Start of Exercise inputs
Definition fact_eval (g : seq nat) (a : vec (size g)) : nat :=
  \sum_(i < size g) a i * nth 0 g i.

Definition is_congruence n (R : vec n -> vec n -> Prop) : Prop :=
  [/\ (forall a, R a a), (forall a b, R a b -> R b a),
      (forall a b c, R a b -> R b c -> R a c) &
      (forall a b c, R a b -> R (vadd a c) (vadd b c))].

Definition gen_cong n (rho : seq (vec n * vec n)) (a b : vec n) : Prop :=
  forall R, is_congruence R -> (forall p, p \in rho -> R p.1 p.2) -> R a b.

Definition is_presentation (g : seq nat) (rho : seq (vec (size g) * vec (size g)))
  : Prop :=
  forall a b, gen_cong rho a b <-> fact_eval a = fact_eval b.

Arguments is_presentation : clear implicits.

Definition is_minimal_presentation (g : seq nat)
  (rho : seq (vec (size g) * vec (size g))) : Prop :=
  is_presentation g rho /\
  forall rho', {subset rho' <= rho} -> (exists2 p, p \in rho & p \notin rho') ->
    ~ is_presentation g rho'.

Arguments is_minimal_presentation : clear implicits.

Definition complete_intersection (S : nat -> Prop) : Prop :=
  exists g, minimal_gens S g /\
    exists rho, [/\ uniq rho, is_minimal_presentation g rho & size rho = (size g).-1].

(* Apery set Ap(S,n) = {s in S : s - n notin S} (s - n taken in Z). *)
Definition Apery (S : nat -> Prop) (n s : nat) : Prop :=
  S s /\ ~ (n <= s /\ S (s - n)).

(* h is the least positive integer with h * g_i in <g_1,...,g_{i-1}>
   (0-based index: <nth 0 g 0, ..., nth 0 g (i-1)>). *)
Definition least_mult (g : seq nat) (i h : nat) : Prop :=
  [/\ 0 < h, in_sg (take i g) (h * nth 0 g i) &
      forall h', 0 < h' -> in_sg (take i g) (h' * nth 0 g i) -> h <= h'].

(* S is free: for some ordering n_1,...,n_nu of the minimal generators,
   Ap(S,n_1) = { sum_{i>=2} l_i n_i : 0 <= l_i <= phi_i },
   with phi_i = min{h >= 1 : h n_i in <n_1..n_{i-1}>} - 1. *)
Definition free (S : nat -> Prop) : Prop :=
  exists g, minimal_gens S g /\ 0 < size g /\
    exists phi : nat -> nat,
      (forall i, 0 < i < size g -> least_mult g i (phi i).+1) /\
      (forall s, Apery S (nth 0 g 0) s <->
         exists l : nat -> nat,
           (forall i, 0 < i < size g -> l i <= phi i) /\
           s = \sum_(1 <= i < size g) l i * nth 0 g i).

From mathcomp Require Import all_boot zify.
Set Implicit Arguments. Unset Strict Implicit. Unset Printing Implicit Defensive.

(* The four products form a minimal system of generators (none
     is a combination of the others, by a divisibility and size argument), and
     a minimal system of generators is unique up to order, since its elements
     are exactly the atoms of S.
   - Complete intersection.  By Sylvester's bound, p4 = u1 p1 + u2 p2 and
     p3 = v1 p1 + v2 p2.  S is glued from p3 <p1, p2> and p4 <p1, p2>: the
     binomial relations p2 e0 ~ p1 e1, p2 e2 ~ p1 e3 and the gluing relation
     u1 e0 + u2 e1 ~ v1 e2 + v2 e3 generate the kernel congruence of N^4 -> S.
     Each of them is the only one violated by a suitable additive functional,
     so none can be dropped: the presentation is minimal, of size 3 = 4 - 1.
   - Not free.  For an ordering n1, ..., n4 with gcd(n1, n2, n3) = 1, the
     bounds phi_2 + 1 >= n1 / gcd(n1, n2) and phi_3 + 1 >= gcd(n1, n2) put
     into the candidate Apery set an element l2 n2 + l3 n3 congruent to n4
     modulo n1; both being in Ap(S, n1) they coincide, contradicting
     minimality.  Any three of our generators are coprime, so no ordering works. *)

Lemma in_sg_nil y : in_sg [::] y <-> y = 0.
Proof. by split => [[a ->]|->]; [rewrite big_ord0 | exists (fun _ => 0); rewrite big_ord0]. Qed.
End of Exercise inputs
Report every line of the entries that carries the word "Prop".

Definition is_congruence n (R : vec n -> vec n -> Prop) : Prop :=
Definition gen_cong n (rho : seq (vec n * vec n)) (a b : vec n) : Prop :=
  : Prop :=
  (rho : seq (vec (size g) * vec (size g))) : Prop :=
Definition complete_intersection (S : nat -> Prop) : Prop :=
Definition Apery (S : nat -> Prop) (n s : nat) : Prop :=
Definition least_mult (g : seq nat) (i h : nat) : Prop :=
Definition free (S : nat -> Prop) : Prop :=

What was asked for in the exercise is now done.